[ISN] Book Review: Brute Force - Cracking the Data Encryption Standard

InfoSec News isn at c4i.org
Sat Sep 10 00:27:51 EDT 2005


http://books.slashdot.org/books/05/09/08/1653245.shtml

[ http://www.amazon.com/exec/obidos/ASIN/0387201092/c4iorg  - WK]

Author: Matt Curtin 
Pages: 291 
Publisher: Copernicus Books 
Rating: 9 
Reviewer: Isaac Jones 
ISBN: 0387201092 

Summary: Volunteers working collaboratively over the internet manage
to crack the Data Encryption Standard.

Although I wasn't involved with the DES cracking challenge, I am
friends with the author of this book. I took a Lisp course from Matt
at Ohio State University and I'll be forever grateful that Matt
introduced me to functional programming with a great deal of humor and
enthusiasm. I don't think I've ever seen Matt stay so serious for so
long, but his enthusiasm comes through clearly in this book.
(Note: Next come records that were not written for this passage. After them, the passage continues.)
Lemma act1 mu : act e mu = mu. Proof. by case: HSS. Qed.
Lemma actM g h mu : act (gm g h) mu = act g (act h mu). Proof. by case: HSS => _ []. Qed.
Lemma act_deg g mu : kdeg (act g mu) = kdeg mu.
Proof. by case: HSS => _ [_ [H _]]; case: (H g mu). Qed.
Lemma act_rng g mu : krng (act g mu) = va g (krng mu).
Proof. by case: HSS => _ [_ [H _]]; case: (H g mu) => _ []. Qed.
Lemma act_src g mu : ksrc (act g mu) = va g (ksrc mu).
Proof. by case: HSS => _ [_ [H _]]; case: (H g mu) => _ []. Qed.
Lemma act_comp g mu nu : ksrc mu = krng nu ->
  act g (kcomp mu nu) = kcomp (act g mu) (act (res g mu) nu).
Proof. by case: HSS => _ [_ [_ [H _]]]; apply: H. Qed.
Lemma res_id g v : res g (kid v) = g. Proof. by case: HSS => _ [_ [_ [_ [H _]]]]. Qed.
Lemma res_comp g mu nu : ksrc mu = krng nu -> res g (kcomp mu nu) = res (res g mu) nu.
Proof. by case: HSS => _ [_ [_ [_ [_ [H _]]]]]; apply: H. Qed.
Lemma res1 mu : res e mu = e. Proof. by case: HSS => _ [_ [_ [_ [_ [_ [H _]]]]]]. Qed.
Lemma resM g h mu : res (gm g h) mu = gm (res g (act h mu)) (res h mu).
Proof. by case: HSS => _ [_ [_ [_ [_ [_ [_ H]]]]]]. Qed.

Lemma act_kid g v : act g (kid v) = kid (va g v).
Proof. by rewrite (deg0_kid HL (_ : kdeg (act g (kid v)) = d0)) // act_deg (id_deg HL). Qed.

Lemma va1 v : va e v = v. Proof. by rewrite /vact act1 (id_rng HL). Qed.
Lemma vaM g h v : va (gm g h) v = va g (va h v). Proof. by rewrite /vact actM act_rng. Qed.
Lemma vaK g v : va (gi g) (va g v) = v. Proof. by rewrite -vaM gVl // va1. Qed.
Lemma vaKV g v : va g (va (gi g) v) = v. Proof. by rewrite -vaM gVr // va1. Qed.
Lemma va_inj g u w : va g u = va g w -> u = w.
Proof. by move=> H; rewrite -(vaK g u) H vaK. Qed.
Lemma actKV g mu : act g (act (gi g) mu) = mu. Proof. by rewrite -actM gVr // act1. Qed.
Brute Force can be enjoyed by both nerds and non-nerds interested in
cryptography or codes. Those who have been a part of this or
subsequent DES challenges may be particularly interested in this book.  
Curtin covers some technical details of DES and the brute force attack
that the DESCHALL team used to discover a DES key. He also discusses
the political and historical significance of this event. This is a
fairly technical book, but it goes out of its way to explain
non-obvious technical topics, so one doesn't need a lot of technical
background to understand it.

Curtin briefly explains a lot of stuff: the C programming language,
firewalls, UDP, one-time pads, protected memory, etc., in order to
make this book readable for novices. Although I generally did not need
such explanations, I did not find them annoying or distracting, as
they were fairly brief. In fact, it's fun to read concise explanations
of such topics. Occasionally, Curtin does go into just a little too
much detail. The chapter on Architecture gives an explanation of some
of the many pieces of software that were involved in this effort. This
chapter sometimes gets a bit bogged down with explanations of useful
scripts that folks wrote to analyze data or forward packets through
firewalls.

Brute Force is a very readable and enjoyable book. It is well
organized as a narrative, though it is not chronological; Curtin
presents the background and substance to each aspect of the story
together, rather than chronologically. This can be slightly confusing
sometimes, but I think it improves the over-all flow of the story.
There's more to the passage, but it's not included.